Nasza Loteria SR - pasek na kartach artykułów

Jak zrobić chleb na zakwasie. Przepis na chleb. Gdy chleb drożeje, trzeba go piec samemu. Czy to się na pewno opłaca?

Krzysztof Zając
Krzysztof Zając
Archiwum Polska Press
Po krótkotrwałej obniżce cen, pieczywo znowu robi się coraz droższe. Za 600-gramowy bochenek zwykłego chleba trzeba już płacić od co najmniej 3,70 zł do nawet 4,50 zł.

Po krótkotrwałej obniżce cen, pieczywo znowu robi się coraz droższe. Za 600-gramowy bochenek zwykłego chleba trzeba już płacić od co najmniej 3,70 zł do nawet 4,50 zł.
Anna Żukowska z małego sklepu piekarniczego w Łodzi przy ul. Piotrkowskiej mówi, że w ciągu ostatniego czasu zlikwidowały się dwie zaopatrujące ją piekarnie, bo wykończyły ich opłaty za gaz, które wzrosły z 6 tys. zł do ponad 20 tys. złotych.

- Po lutowej obniżce cen podatku VAT o 5 procent, chleb nieco staniał, ale na krótko, bo ceny paliwa poszły bardzo w górę – opowiada. U niej za bochenek pysznego, zwykłego chleba trzeba zapłacić aż 4,50 zł, a za lepszy pszenno-żytni z ziarnami już około 6 zł. Drogo, ale w sieciowych sklepach Bogusza uważanych za najtańsze, taki sam bochenek zwykłego kosztuje 3,70 zł. Taniej jest tylko w marketach, gdzie za chleb płaci się ciągle w granicach dwóch złotych.

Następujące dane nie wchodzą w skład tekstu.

(* Assume condition $(\star)$. Then, with $B^{\mathcal T}$ acting on $C^{\mathcal T}$ by right twisted convolution and $A^{\mathcal T}$ by left twisted convolution, $$\operatorname{End}_{A^{\mathcal T}}(C^{\mathcal T})=B^{\mathcal T},\qquad \operatorname{End}_{B^{\mathcal T}}(C^{\mathcal T})=A^{\mathcal T}.$$ Moreover $B^{\mathcal T}=1_\omega*A^{\mathcal T}*1_\omega$.
   Context: $\Bbbk$ is a field, $G$ a finite group, $\mathcal R$ a unital $\Bbbk$-algebra, free as a $\Bbbk$-module, with $G$ acting by $\Bbbk$-algebra automorphisms. For a finite $G$-set $Z$, $\mathcal R_G(Z)$ is the set of $G$-equivariant maps $Z\to\mathcal R$ ($f(gz)=g(f(z))$), $G$ acting diagonally on products. Let $(\Lambda,\omega)$ be a finite set with a distinguished element $\omega$; for each $\lambda\in\Lambda$ let $Y_\lambda$ be a finite $G$-set, $Y=\bigsqcup_\lambda Y_\lambda$, $X=Y_\omega$, and let $p_\lambda:X\to Y_\lambda$ be $G$-equivariant surjections with $p_\omega=\mathrm{id}$. Fix a twist $e\in\mathcal R_G(Y)$ (every $e(y)$ invertible). $A=\mathcal R_G(Y\times Y)$ with twisted convolution $(f*g)(x,y)=\sum_{z\in Y}f(x,z)e(z)^{-1}g(z,y)$ is a unital associative algebra; $A_{\lambda\mu}=\mathcal R_G(Y_\lambda\times Y_\mu)\subseteq A$ (extension by zero), $B=A_{\omega\omega}$, $C=\bigoplus_\lambda A_{\lambda\omega}$. Define: $S_\lambda\in A_{\omega\lambda}$, $S_\lambda(x,y)=\delta_{p_\lambda(x),y}e(y)$; $M_\lambda\in A_{\lambda\omega}$, $M_\lambda(y,x)=\delta_{y,p_\lambda(x)}e(y)$; $K_\lambda\in B$, $K_\lambda(x,x')=\delta_{p_\lambda(x),p_\lambda(x')}e(p_\lambda(x))$; $1_\lambda\in A_{\lambda\lambda}$, $1_\lambda(y,y')=\delta_{y,y'}e(y)$; $m\in\mathcal R_G(Y)$, $m(y)=\sum_{x\in p_\lambda^{-1}(y)}e(x)^{-1}e(y)$ for $y\in Y_\lambda$; for $t\in\mathcal R_G(X)$, $t_\omega\in B$, $t_\omega(x,x')=\delta_{x,x'}e(x)t(x)$. Let $\mathcal T\subseteq\mathcal R$ be a $G$-stable subring. Condition $(\star)$: for every $y\in Y$, $m(y)$ is invertible in $\mathcal R$ and $m(y),m(y)^{-1}\in\mathcal T$. $B^{\mathcal T}\subseteq B$ is the subalgebra generated by all $K_\lambda$ ($\lambda\in\Lambda$) and all $t_\omega$ with $t\in\mathcal R_G(X)$ taking values in $\mathcal T$; $A^{\mathcal T}\subseteq A$ is the subalgebra generated by $B^{\mathcal T}$ and all $S_\lambda,M_\lambda$; $C^{\mathcal T}=A^{\mathcal T}*1_\omega$, an $(A^{\mathcal T},B^{\mathcal T})$-bimodule. *)

From HB Require Import structures.
From mathcomp Require Import all_boot all_order fingroup action all_algebra.
Set Implicit Arguments. Unset Strict Implicit. Unset Printing Implicit Defensive.
Import GRing.Theory.
Local Open Scope ring_scope.

Section TwistedConvolution.

Variables (k : fieldType) (R : algType k) (Y : finType).

(* elements of R^{Y x Y}; A = R_G(Y x Y) is the subset of equivariant ones *)
Definition mat := {ffun Y * Y -> R}.

(* einv y is the inverse e(y)^{-1} of the twist *)
Variable einv : Y -> R.

Definition tconv (f g : mat) : mat :=
  [ffun q => \sum_(z : Y) f (q.1, z) * einv z * g (z, q.2)].

Inductive gen (P : mat -> Prop) : mat -> Prop :=
| gen_base f : P f -> gen P f
| gen_zero : gen P 0
| gen_add f g : gen P f -> gen P g -> gen P (f + g)
| gen_scale (a : k) f : gen P f -> gen P (a *: f)
| gen_mul f g : gen P f -> gen P g -> gen P (tconv f g).

(* Y = disjoint union of the Y_lambda, encoded by the label lab : Y -> Lambda;
   X = Y_omega = [pred y | lab y == omega];  p l restricted to X is p_l. *)
Variables (Lambda : finType) (omega : Lambda) (lab : Y -> Lambda).
Variables (p : Lambda -> Y -> Y) (e : Y -> R).

Definition inX (y : Y) : bool := lab y == omega.

Definition Sg (l : Lambda) : mat :=
  [ffun q => if inX q.1 && (p l q.1 == q.2) then e q.2 else 0].

Definition Mg (l : Lambda) : mat :=
  [ffun q => if inX q.2 && (q.1 == p l q.2) then e q.1 else 0].

Definition Kg (l : Lambda) : mat :=
  [ffun q => if [&& inX q.1, inX q.2 & p l q.1 == p l q.2]
             then e (p l q.1) else 0].

Definition oneL (l : Lambda) : mat :=
  [ffun q => if (lab q.1 == l) && (q.1 == q.2) then e q.1 else 0].

Definition mfun (y : Y) : R :=
  \sum_(x : Y | inX x && (p (lab y) x == y)) einv x * e y.

Definition tdiag (t : Y -> R) : mat :=
  [ffun q => if inX q.1 && (q.1 == q.2) then e q.1 * t q.1 else 0].

Variables (gT : finGroupType) (toY : {action gT &-> Y}) (toR : {action gT &-> R}).
Variable T : {pred R}.

(* t : X -> R is G-equivariant and T-valued (only values on X matter) *)
Definition T_equivariant_on_X (t : Y -> R) : Prop :=
  (forall x, inX x -> t x \in T) /\
  (forall (g : gT) x, inX x -> t (toY x g) = toR (t x) g).

Definition BT : mat -> Prop :=
  gen (fun f => (exists l, f = Kg l) \/
                (exists2 t, T_equivariant_on_X t & f = tdiag t)).

Definition AT : mat -> Prop :=
  gen (fun f => BT f \/ (exists l, f = Sg l) \/ (exists l, f = Mg l)).

Definition CT (c : mat) : Prop := exists2 a, AT a & c = tconv a (oneL omega).

End TwistedConvolution.

From Pilot Require Import Defs.
From HB Require Import structures.
From mathcomp Require Import all_boot all_order fingroup action all_algebra.
Set Implicit Arguments. Unset Strict Implicit. Unset Printing Implicit Defensive.
Import GRing.Theory.
Local Open Scope ring_scope.

(* The idempotents 1_l sum to the unit of A.  By induction on the generation
   of A^T, every corner 1_l * a * 1_m of an a in A^T has the form
   M_l * b * S_m with b in B^T: for products, split 1 = sum_n 1_n in the
   middle and use S_n * M_n = K_n in B^T.  For l = omega this gives
   1_omega * A^T * 1_omega = B^T.  Condition (star) provides
   D_l = ((m o p_l)^-1)_omega in B^T with M_l * D_l * S_l = 1_l, so every
   c in C^T decomposes as sum_l M_l * (D_l * S_l * c) with D_l * S_l * c in
   B^T.  Hence an A^T-endomorphism phi of C^T is right convolution by
   phi(1_omega) in B^T, and a B^T-endomorphism phi is left convolution by
   sum_l phi(M_l) * D_l * S_l in A^T. *)

Lemma additive_on_sum (V : zmodType) (P : V -> Prop) (phi : V -> V) :
  P 0 -> (forall x y, P x -> P y -> P (x + y)) ->
  (forall x y, P x -> P y -> phi (x + y) = phi x + phi y) ->
  forall (I : Type) (r : seq I) (F : I -> V), (forall i, P (F i)) ->
  P (\sum_(i <- r) F i) /\ phi (\sum_(i <- r) F i) = \sum_(i <- r) phi (F i).
Proof.
move=> P0 PD phiD I r F PF; elim: r => [|i r [Psum phi_sum]]; last first.
  by rewrite !big_cons phiD // phi_sum; split => //; apply: PD.
rewrite !big_nil; split => //.
by apply/(addrI (phi 0)); rewrite -phiD // !addr0.
Qed.

Section TwistedConvolution.

Variables (k : fieldType) (R : algType k) (Y : finType) (einv : Y -> R).

Local Notation conv := (tconv einv).

Lemma tconvA (f g h : mat R Y) : conv (conv f g) h = conv f (conv g h).
Proof.
apply/ffunP => -[x y]; rewrite !ffunE /=.
transitivity (\sum_z \sum_w f (x, w) * einv w * g (w, z) * einv z * h (z, y)).
  apply: eq_bigr => z _; rewrite ffunE /= !big_distrl; apply: eq_bigr => w _ /=.
  by rewrite ?mulrA.
rewrite exchange_big; apply: eq_bigr => w _; rewrite ffunE /= big_distrr.
by apply: eq_bigr => z _ /=; rewrite ?mulrA.
Qed.

Lemma tconvDl (f g h : mat R Y) : conv (f + g) h = conv f h + conv g h.
Proof.
apply/ffunP => q; rewrite !ffunE -big_split; apply: eq_bigr => z _ /=.
by rewrite ffunE !mulrDl.
Qed.

Lemma tconvDr (f g h : mat R Y) : conv h (f + g) = conv h f + conv h g.
Proof.
apply/ffunP => q; rewrite !ffunE -big_split; apply: eq_bigr => z _ /=.
by rewrite ffunE mulrDr.
Qed.

Lemma tconv0l (h : mat R Y) : conv 0 h = 0.
Proof. by apply/ffunP => q; rewrite !ffunE big1 // => z _; rewrite ffunE !mul0r. Qed.

Lemma tconv0r (h : mat R Y) : conv h 0 = 0.
Proof. by apply/ffunP => q; rewrite !ffunE big1 // => z _; rewrite ffunE mulr0. Qed.

Lemma tconvZl (a : k) (f g : mat R Y) : conv (a *: f) g = a *: conv f g.
Proof.
apply/ffunP => q; rewrite !ffunE scaler_sumr; apply: eq_bigr => z _.
by rewrite ffunE -!scalerAl.
Qed.

Lemma tconvZr (a : k) (f g : mat R Y) : conv f (a *: g) = a *: conv f g.
Proof.
apply/ffunP => q; rewrite !ffunE scaler_sumr; apply: eq_bigr => z _.
by rewrite ffunE scalerAr.
Qed.

Lemma tconv_suml (I : Type) (r : seq I) (F : I -> mat R Y) h :
  conv (\sum_(i <- r) F i) h = \sum_(i <- r) conv (F i) h.
Proof. exact: (big_morph (conv^~ h) (fun f g => tconvDl f g h) (tconv0l h)). Qed.

Lemma tconv_sumr (I : Type) (r : seq I) (F : I -> mat R Y) h :
  conv h (\sum_(i <- r) F i) = \sum_(i <- r) conv h (F i).
Proof. exact: (big_morph (conv h) (fun f g => tconvDr f g h) (tconv0r h)). Qed.

Lemma gen_sum (P : mat R Y -> Prop) (I : Type) (r : seq I) (F : I -> mat R Y) :
  (forall i, gen einv P (F i)) -> gen einv P (\sum_(i <- r) F i).
Proof.
move=> PF; elim: r => [|i r IH]; first by rewrite big_nil; apply: gen_zero.
by rewrite big_cons; apply: gen_add.
Qed.

Variables (Lambda : finType) (lab : Y -> Lambda) (e : Y -> R).
Hypothesis e_inv : forall y, e y * einv y = 1 /\ einv y * e y = 1.

Local Notation one := (oneL lab e).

Piekarze zapowiadają jednak, że to nie koniec podwyżek. Jeszcze do wakacji może się okazać, że cena bochenka przekroczy 5 zł.

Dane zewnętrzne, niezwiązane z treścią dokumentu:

(* If $S(A)$ is an independent Stanley sequence, then $\omega(A)<\lambda(A)$ (equivalently, every element of the omitted set $O(A)$ is less than $\lambda(A)$).
   Context: A set of non-negative integers is 3-free if no three of its elements form an arithmetic progression. For a finite 3-free set $A=\{a_0<\cdots<a_k\}$ of non-negative integers, the Stanley sequence $S(A)=(a_n)_{n\ge0}$ is the increasing sequence with initial terms $a_0,\ldots,a_k$ in which each subsequent $a_{n+1}$ is the smallest integer greater than $a_n$ such that $\{a_0,\ldots,a_{n+1}\}$ is 3-free. Throughout, Stanley sequences are in root position ($a_0=0$). An integer $x$ is covered by a set $S$ if there exist $s<t$ in $S$ with $2t-s=x$. The omitted set $O(A)$ is the set of non-negative integers neither in $S(A)$ nor covered by $S(A)$; $\omega(A)$ is its largest element. A Stanley sequence $(a_n)$ is independent with character $\lambda(A)=\lambda$ if for all sufficiently large $k$: $a_{2^k+i}=a_{2^k}+a_i$ for $0\le i<2^k$, and $a_{2^k}=2a_{2^k-1}-\lambda+1$. *)

From mathcomp Require Import all_boot all_order all_algebra.
Set Implicit Arguments. Unset Strict Implicit. Unset Printing Implicit Defensive.

Definition three_free (l : seq nat) : Prop :=
  forall x y z, x \in l -> y \in l -> z \in l -> x < y -> y < z ->
    x + z <> 2 * y.

Definition prefix_set (s : nat -> nat) (n : nat) : seq nat :=
  map s (iota 0 n.+1).

Definition root_3free_set (A : seq nat) : Prop :=
  [/\ A != [::], sorted ltn A, nth 0 A 0 = 0 & three_free A].

Definition stanley_seq (A : seq nat) (s : nat -> nat) : Prop :=
  (forall i, i < size A -> s i = nth 0 A i) /\
  (forall n, size A <= n.+1 ->
     [/\ s n < s n.+1,
         three_free (prefix_set s n.+1) &
         forall m, s n < m -> m < s n.+1 -> ~ three_free (rcons (prefix_set s n) m)]).

Definition in_seq (s : nat -> nat) (x : nat) : Prop := exists i, s i = x.

Definition covered (s : nat -> nat) (x : nat) : Prop :=
  exists i j, s i < s j /\ x + s i = 2 * s j.

Definition omitted (s : nat -> nat) (x : nat) : Prop :=
  ~ in_seq s x /\ ~ covered s x.

Definition independent_with_character (s : nat -> nat) (lam : int) : Prop :=
  exists K, forall k, K <= k ->
    (forall i, i < 2 ^ k -> s (2 ^ k + i) = s (2 ^ k) + s i) /\
    ((s (2 ^ k)%N)%:Z = (2 * s (2 ^ k).-1)%N%:Z - lam + 1)%R.

(* Suppose some omitted x satisfied lam <= x.  Take a block start N = 2^k far out, let
   a = s (N-1), so that s N = 2a - lam + 1, and put m = s N + x.  Independence makes the
   terms in [N, 2N) the translates s N + s i, so m is not a term (x is not), and m lies
   strictly between two consecutive terms s n < m < s (n+1) with N <= n < 2N - 1.
   Greedy construction then forces some u < t among s 0, ..., s n with u + m = 2t.
   But t < N is impossible because m > 2a (this is where lam <= x is used), u < N <= t is
   impossible because s N is much larger than a + x, and u, t >= N would translate back to
   s i + x = 2 s j with s i < s j, i.e. x would be covered. *)
From mathcomp Require Import all_boot all_order all_algebra.
From mathcomp Require Import zify.

Lemma prefix_setP s n v : reflect (exists2 i, i <= n & v = s i) (v \in prefix_set s n).
Proof.
apply: (iffP mapP) => [[i] | [i le_in ->]].
  by rewrite mem_iota add0n ltnS => /andP[_ le_in] ->; exists i.
by exists i; rewrite // mem_iota add0n ltnS.
Qed.

Lemma three_free_rcons l m :
  three_free l -> (forall v, v \in l -> v < m) ->
  (forall u t, u \in l -> t \in l -> u < t -> u + m <> 2 * t) ->
  three_free (rcons l m).
Proof.
move=> l3 l_lt_m no_AP u t z.
rewrite !mem_rcons !in_cons => /predU1P u_in /predU1P t_in /predU1P[->|z_in] ut tz.
- have t_l : t \in l by case: t_in => // E; move: tz; rewrite E ltnn.
  have u_l : u \in l by case: u_in => // E; move: (ltn_trans ut tz); rewrite E ltnn.
  exact: no_AP.
- have z_lt_m := l_lt_m z z_in.
  have t_l : t \in l by case: t_in => // E; move: (ltn_trans tz z_lt_m); rewrite E ltnn.
  have u_l : u \in l.
    by case: u_in => // E; move: (ltn_trans ut (ltn_trans tz z_lt_m)); rewrite E ltnn.
  exact: l3.
Qed.

Section IncreasingSequence.

Context {s : nat -> nat}.
Hypothesis s_incr : forall i, s i < s i.+1.

Lemma incr_leq_mono : {mono s : i j / i <= j}.
Proof. exact/leq_mono/(homo_ltn ltn_trans). Qed.

Lemma incr_ltn_mono : {mono s : i j / i < j}.
Proof. exact/leqW_mono/incr_leq_mono. Qed.

Lemma incr_geq_id i : i <= s i.
Proof. by elim: i => // i IHi; apply: leq_ltn_trans IHi (s_incr i). Qed.

Lemma incr_bracket m p :
  s p <= m -> ~ in_seq s m -> exists2 n, p <= n & s n < m < s n.+1.
Proof.
move=> sp_le_m m_notin.
have exP : exists n, s n <= m by exists p.
have ubP n : s n <= m -> n <= m by move/(leq_trans (incr_geq_id n)).
case: (ex_maxnP exP ubP) => n sn_le_m max_n.
have sn_neq k : s k != m by apply/eqP => E; apply: m_notin; exists k.
exists n; first exact: max_n.
rewrite ltn_neqAle sn_neq sn_le_m /= ltnNge.
by apply/negP => /max_n; rewrite ltnn.
Qed.

End IncreasingSequence.

Section IndependentBlock.

Context {s : nat -> nat} {N x : nat}.
Hypothesis s_incr : forall i, s i < s i.+1.
Hypothesis N_gt0 : 0 < N.
Hypothesis s_block : forall i, i < N -> s (N + i) = s N + s i.

Let a := s N.-1.

Lemma block_term j : N <= j -> j < N + N -> s j = s N + s (j - N).
Proof. by move=> le_Nj lt_j2N; rewrite -{1}(subnKC le_Nj) s_block //; lia. Qed.

Lemma last_before_block_lt : a < s N.
Proof. by rewrite /a incr_ltn_mono // prednK. Qed.

Lemma term_before_block_le j : j < N -> s j <= a.
Proof. by move=> lt_jN; rewrite /a incr_leq_mono // -ltnS prednK. Qed.

Lemma shift_not_in_seq : ~ in_seq s x -> x < a -> ~ in_seq s (s N + x).
Proof.
move=> x_notin x_lt_a [j sj_eq].
have sN_lt := last_before_block_lt.
case: (ltnP j N) => [lt_jN | le_Nj].
  by have := term_before_block_le _ lt_jN; lia.
case: (ltnP j (N + N.-1)) => [lt_j | le_j].
  apply: x_notin; exists (j - N); apply/eqP.
  by rewrite -(eqn_add2l (s N)) -block_term ?sj_eq //; lia.
have := incr_leq_mono s_incr (N + N.-1) j; rewrite le_j s_block ?prednK // -/a.
lia.
Qed.

Lemma shift_no_AP_top :
  ~ covered s x -> 2 * a < s N + x -> a + x < s N ->
  forall i j, i < j -> j < N + N -> s i + (s N + x) <> 2 * s j.
Proof.
move=> x_uncov m_gt_2a big_sN i j lt_ij lt_j2N AP.
case: (ltnP j N) => [lt_jN | le_Nj].
  by have := term_before_block_le _ lt_jN; lia.
move: AP; rewrite (block_term _ le_Nj lt_j2N).
case: (ltnP i N) => [lt_iN | le_Ni].
  by have := term_before_block_le _ lt_iN; lia.
rewrite (block_term _ le_Ni) ?(ltn_trans lt_ij) // => AP.
apply: x_uncov; exists (i - N), (j - N); split; last by lia.
by rewrite incr_ltn_mono //; lia.
Qed.

End IndependentBlock.

Section Stanley.

Context {A : seq nat} {s : nat -> nat}.
Hypothesis A_root3free : root_3free_set A.
Hypothesis s_stanley : stanley_seq A s.

Lemma stanley_incr i : s i < s i.+1.
Proof.
case: A_root3free s_stanley => _ A_sorted _ _ [s_init s_greedy].
case: (ltnP i.+1 (size A)) => [lt_iA | le_Ai]; last by case: (s_greedy i le_Ai).
rewrite !s_init ?(ltnW lt_iA) //.
by apply: (sorted_ltn_nth ltn_trans); rewrite ?inE ?(ltnW lt_iA).
Qed.

Lemma stanley_prefix_three_free n : size A <= n -> three_free (prefix_set s n).
Proof.
case: A_root3free s_stanley => A_nil _ _ _ [_ s_greedy] le_An.
have n_gt0 : 0 < n by apply: leq_trans le_An; rewrite lt0n size_eq0.
by case: (s_greedy n.-1); rewrite prednK.
Qed.

Lemma stanley_gap_not_three_free n m :
  size A <= n.+1 -> s n < m < s n.+1 -> ~ three_free (rcons (prefix_set s n) m).
Proof.
case: s_stanley => _ s_greedy le_An /andP[lo hi].
by case: (s_greedy n le_An) => _ _; apply.
Qed.

End Stanley.

Theorem mainTheorem11 (A : seq nat) (s : nat -> nat) (lam : int) :
  root_3free_set A -> stanley_seq A s -> independent_with_character s lam ->
  forall x : nat, omitted s x -> (x%:Z < lam)%R.
Proof.
move=> A_root3free s_stanley [K s_indep] x [x_notin x_uncov].
rewrite Order.TotalTheory.ltNge; apply/negP => lam_le_x.
have s_incr := stanley_incr A_root3free s_stanley.
set k := maxn K (size A + 2 * x + 2).
have [s_block char_eq] := s_indep k (leq_maxl _ _).
set N := 2 ^ k in s_block char_eq.
have N_big : size A + 2 * x + 2 < N.
  by apply: leq_ltn_trans (ltn_expl k (ltnSn 1)); apply: leq_maxr.
have N_gt0 : 0 < N by lia.
have a_big := incr_geq_id s_incr N.-1.
have m_gt_2a : 2 * s N.-1 < s N + x by lia.
have sN_big : s N.-1 + x < s N by lia.
have m_notin := shift_not_in_seq s_incr N_gt0 s_block x_notin ltac:(lia).
have [n le_Nn /andP[lo hi]] := incr_bracket s_incr _ _ (leq_addr x (s N)) m_notin.
have lt_n2N : n < N + N.
  have : s n < s (N + N.-1) by rewrite s_block ?prednK //; lia.
  by rewrite incr_ltn_mono //; lia.
apply: (stanley_gap_not_three_free s_stanley n (s N + x)); rewrite ?lo ?hi //; first lia.
apply: three_free_rcons => [|v /prefix_setP[i le_in ->]|u t].
- by apply: (stanley_prefix_three_free A_root3free s_stanley); lia.
- by apply: leq_ltn_trans lo; rewrite incr_leq_mono.
move=> /prefix_setP[i le_in ->] /prefix_setP[j le_jn ->].
rewrite incr_ltn_mono // => lt_ij.
by apply: (shift_no_AP_top s_incr N_gt0 s_block x_uncov) => //; lia.
Qed.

Cena pszenicy szybuje w górę

Dwa lata temu za tonę pszenicy konsumpcyjnej płacono rolnikom 700 złotych. W 2020 r. jej maksymalna cena na koniec roku sięgała ośmiuset złotych. Jesienią zeszłego roku cena doszła już do 950 zł i cały czas rosła, a więc producenci, którzy mieli ją dobrej jakości, magazynowali, spekulując, że cena dojdzie nawet do 1200 złotych za tonę. Tymczasem pszenica w skupie kosztuje już od 1500 zł do 1690 zł, czyli od 2020 roku podwoiła się. Tak wysokich cen nikt nie przewidział.

Wojna w Ukrainie spowodowała szok na światowych rynkach i nie tylko w Polsce, ale także na międzynarodowych giełdach ceny zbóż osiągnęły historyczne rekordy.

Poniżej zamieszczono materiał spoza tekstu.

Lemma global_pos_solution_exists (K x0 alpha w0 : R) (f : R -> R) :
  0 < K -> x0 < alpha -> continuous_on_Ico f x0 alpha ->
  (forall x, x0 <= x < alpha -> 0 < f x) -> 0 < w0 ->
  exists w, is_global_pos_solution K x0 alpha w0 f w.
Proof.
  intros HK Halpha Hfc Hfpos Hw0.
  assert (Hloc : forall b, exists w, x0 < b < alpha -> is_pos_solution_on K x0 b w0 f w).
  { intros b. destruct (Rlt_dec x0 b) as [H1|H1]; [destruct (Rlt_dec b alpha) as [H2|H2]|].
    - destruct (pos_solution_on_exists K x0 b w0 f) as [w Hw]; try assumption.
      + lra.
      + apply (continuous_on_Ico_Icc _ _ _ alpha); assumption.
      + intros x Hx. apply Hfpos. lra.
      + exists w. intros _. exact Hw.
    - exists (fun _ => w0). intros Hb. lra.
    - exists (fun _ => w0). intros Hb. lra. }
  destruct (functional_choice _ Hloc) as [S HS].
  exists (glued_solution alpha S).
  apply glued_global_solution; [intros x Hx; left; apply Hfpos, Hx | exact HS | exact Halpha].
Qed.

Theorem theorem3 (K x0 alpha : R) (f : R -> R) :
  0 < K -> x0 < alpha ->
  continuous_on_Ico f x0 alpha ->
  (forall x, x0 <= x < alpha -> 0 < f x) ->
  (decreasing_on_Ico f x0 alpha \/ filterlim f (at_left alpha) (locally 0)) ->
  forall w0 : R, 0 < w0 ->
    exists w : R -> R,
      is_global_pos_solution K x0 alpha w0 f w /\
      (forall v : R -> R, is_global_pos_solution K x0 alpha w0 f v ->
         forall x, x0 <= x < alpha -> v x = w x).
Proof.
  intros HK Halpha Hfc Hfpos _ w0 Hw0.
  destruct (global_pos_solution_exists K x0 alpha w0 f) as [w Hw]; try assumption.
  exists w. split; [exact Hw|].
  intros v Hv. apply (global_pos_solution_unique K x0 alpha w0 f); try assumption.
  intros x Hx. left. apply Hfpos, Hx.
Qed.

A Ukraina, która jest czołowym producentem doskonałej jakości pszenicy w Europie, już zapowiada, że areał zasiewów z powodu wojny będzie co najmniej o połowę niższy. Wprawdzie polskiej pszenicy powinno dla nas wystarczyć, ale przy rosnących cenach może się okazać, że producentom lepiej będzie się opłacało sprzedawać ją za granicą niż w kraju.

Sposób na drogi chleb

Bez chleba żyć się nie da, bo to dla nas ciągle artykuł pierwszej potrzeby. Sposobem na drożyznę może być zatem domowy wypiek chleba. Podajemy łatwy do wykonania, wielokrotnie sprawdzony przepis.

Przepis na chleb

Potrzebujemy 550 gram mąki, z czego 100 gram żytniej, 150 gram pszennej chlebowej i 300 gram zwykłej np. Jeżeli chodzi o dwie pierwsze możemy eksperymentować dając np. pełnoziarnistą zamiast chlebowej. Przy średniej cenie kilograma tych mąk ok. 3,50 zł koszt wynosi ok. 2 zł. Dodajemy łyżkę stołową soli i czubatą łyżeczkę drożdży – koszt 50 groszy.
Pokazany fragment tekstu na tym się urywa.